Terminado o trabalho, o painel precisa ser fixado na escola. O resultado deste processo em torno da criação artística e percepção de identidades ainda tange ao ensino sobre o patrimônio. O patrimônio público passa a ser conhecido dos estudantes pela experiência que os mobilizou enquanto grupo, e pode ser revisto com crítica, compreendido como objeto de seu tempo.
O painel construído na escola é um registro de um momento de suas vidas na escola, um registro que tange o campo da estética e da subjetividade. Zelar pelo painel na escola é zelar pelo "bem" com o qual o grupo se identifica. É uma experiência em comum.
É pela ramificação e entrelaçamento – identidade, prática política, o patrimônio – que projetos pedagógicos devem ser entendidos pelos educadores na escola como uma práxis radical, como disse Giroux, "vinculada às atividades transfor- madoras e situada dentro de uma problemática" (1992, p.204) que tomam "textos culturais em relação com suas situações e efeitos históricos que devam conservar e subverter os significados de acordo com sua validade, não por uma tradição já construída mas por uma comunidade em processo" (GIROUX, 1992, p. 204).

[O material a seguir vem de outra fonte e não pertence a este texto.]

Lemma shapley_null u i : (forall S, u (i |: S) = u S) -> shapley u i = 0.
Proof. by move=> null_i; apply: big1 => S _; rewrite null_i subrr mulr0. Qed.

Lemma shapleyD u1 u2 i : shapley (fun S => u1 S + u2 S) i = shapley u1 i + shapley u2 i.
Proof.
rewrite /shapley -big_split; apply: eq_bigr => S _ /=.
by rewrite -mulrDr opprD addrACA.
Qed.

Lemma shapley_efficient u : \sum_i shapley u i = u setT - u set0.
Proof.
have shapleyE i :
    shapley u i = \sum_(T : {set 'I_n} | i \in T) shapley_weight #|T|.-1 * u T
                  - \sum_(S : {set 'I_n} | i \notin S) shapley_weight #|S| * u S.
  rewrite /shapley; under eq_bigr do rewrite mulrBr.
  rewrite sumrB [in RHS](eq_bigl (fun T => predT T && (i \in T))) // big_mem_setU1.
  by congr (_ - _); apply: eq_big => [// | S iS]; rewrite cardsU1 iS.
under eq_bigr do rewrite shapleyE.
rewrite sumrB !exchange_big_count -sumrB.
transitivity (\sum_(T : {set 'I_n}) (u T * (T == setT)%:R - u T * (T == set0)%:R)).
  apply: eq_bigr => T _.
  rewrite -mulrBr -!(mulrnAl (shapley_weight _)) -mulrBl mulrC; congr (_ * _).
  have le_Tn : (#|T| <= n)%N by have := max_card T; rewrite card_ord.
  have -> : #|[pred i in T]| = #|T| by apply: eq_card.
  have -> : #|[pred i | i \notin T]| = (n - #|T|)%N.
    by apply/eqP; rewrite -(eqn_add2l #|T|) subnKC // cardC card_ord.
  rewrite shapley_weight_balance // -cards_eq0; congr (_%:R - _).
  by rewrite eqEcard subsetT cardsT card_ord /= eqn_leq le_Tn.
rewrite sumrB (bigD1 setT) // [in X in _ - X](bigD1 set0) //= !eqxx !mulr1.
by rewrite !big1 ?addr0 // => T /negbTE->; rewrite mulr0.
Qed.

Lemma shapley_removalE u i j : i != j ->
  shapley u i - shapley (fun S => u (S :\ j)) i =
  \sum_(S : {set 'I_n} | (i \notin S) && (j \notin S))
     shapley_weight #|S|.+1 * (u (i |: (j |: S)) - u (j |: S) - u (i |: S) + u S).
Proof.
move=> neq_ij; have neq_ji : j != i by rewrite eq_sym.
have notin_jS S : (i \notin j |: S) = (i \notin S) by rewrite in_setU1 (negbTE neq_ij).
rewrite /shapley (bigID (fun S => j \in S)) [X in _ - X](bigID (fun S => j \in S)) /=.
rewrite !big_mem_setU1.
(* coalitions avoiding j do not notice its removal *)
have -> : \sum_(S : {set 'I_n} | (i \notin S) && (j \notin S))
      shapley_weight #|S| * (u ((i |: S) :\ j) - u (S :\ j)) =
    \sum_(S : {set 'I_n} | (i \notin S) && (j \notin S)) shapley_weight #|S| * (u (i |: S) - u S).
  by apply: eq_bigr => S /andP[_ jS]; rewrite !setD1_notin // in_setU1 negb_or neq_ji.
rewrite opprD addrACA subrr addr0 -sumrB.
apply: eq_big => [S | S /andP[_ jS]]; first by rewrite notin_jS.
have -> : (i |: (j |: S)) :\ j = i |: S.
  by rewrite setUCA setU1K // in_setU1 negb_or neq_ji.
by rewrite setU1K // cardsU1 jS -mulrBr; congr (_ * _); ring.
Qed.

Lemma shapley_balanced_contributions u i j : i != j ->
  shapley u i - shapley (fun S => u (S :\ j)) i = shapley u j - shapley (fun S => u (S :\ i)) j.
Proof.
move=> neq_ij; have neq_ji : j != i by rewrite eq_sym.
rewrite !shapley_removalE //; apply: eq_big => [S | S _]; first by rewrite andbC.
by rewrite setUCA; congr (_ * _); ring.
Qed.

Lemma shapley_setI_null u T i : i \notin T -> shapley (fun S => u (S :&: T)) i = 0.
Proof.
move=> iNT; apply: shapley_null => S; congr u.
by apply/setP => x; rewrite !inE; case: eqVneq => // ->; rewrite (negbTE iNT) !andbF.
Qed.

Lemma shapley_carrier_efficient u T :
  \sum_(i in T) shapley (fun S => u (S :&: T)) i = u T - u set0.
Proof.
have := shapley_efficient (fun S => u (S :&: T)); rewrite setTI set0I => <-.
rewrite [RHS](bigID (mem T)) /=.
by rewrite [X in _ = _ + X]big1 ?addr0 // => i; apply: shapley_setI_null.
Qed.

End ShapleyValue.

Section Components.
Variable n : nat.
Local Notation network := (network n).
Local Notation link := (link n).
Implicit Types (g h k E : network) (e : link) (T : {set 'I_n}).

Lemma link_pair e : exists x y, x != y /\ val e = [set x; y].
Proof. exact/cards2P/(valP e). Qed.

Lemma link_witness e : exists x, x \in val e.
Proof. by have [x [y [_ ->]]] := link_pair e; exists x; rewrite !inE eqxx. Qed.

Pensar em identidade na escola no momento em que vivemos é um desafio. Representar as diferenças, as semelhanças, e o convívio delas nos espaços sociais é uma forma de legalizarmos emoções que podem estar anexas, encobertas ou dissimuladas, por não encontrarem espaço a vivê-las socialmente. Por isso "oportunidades de falar com suas próprias vozes para autenticar suas próprias experiências" (GIROUX, 1992, p.256) por movimentos que deflagrem a discussão em torno destas representações permitem que os sujeitos se coloquem como indivíduos nos grupos.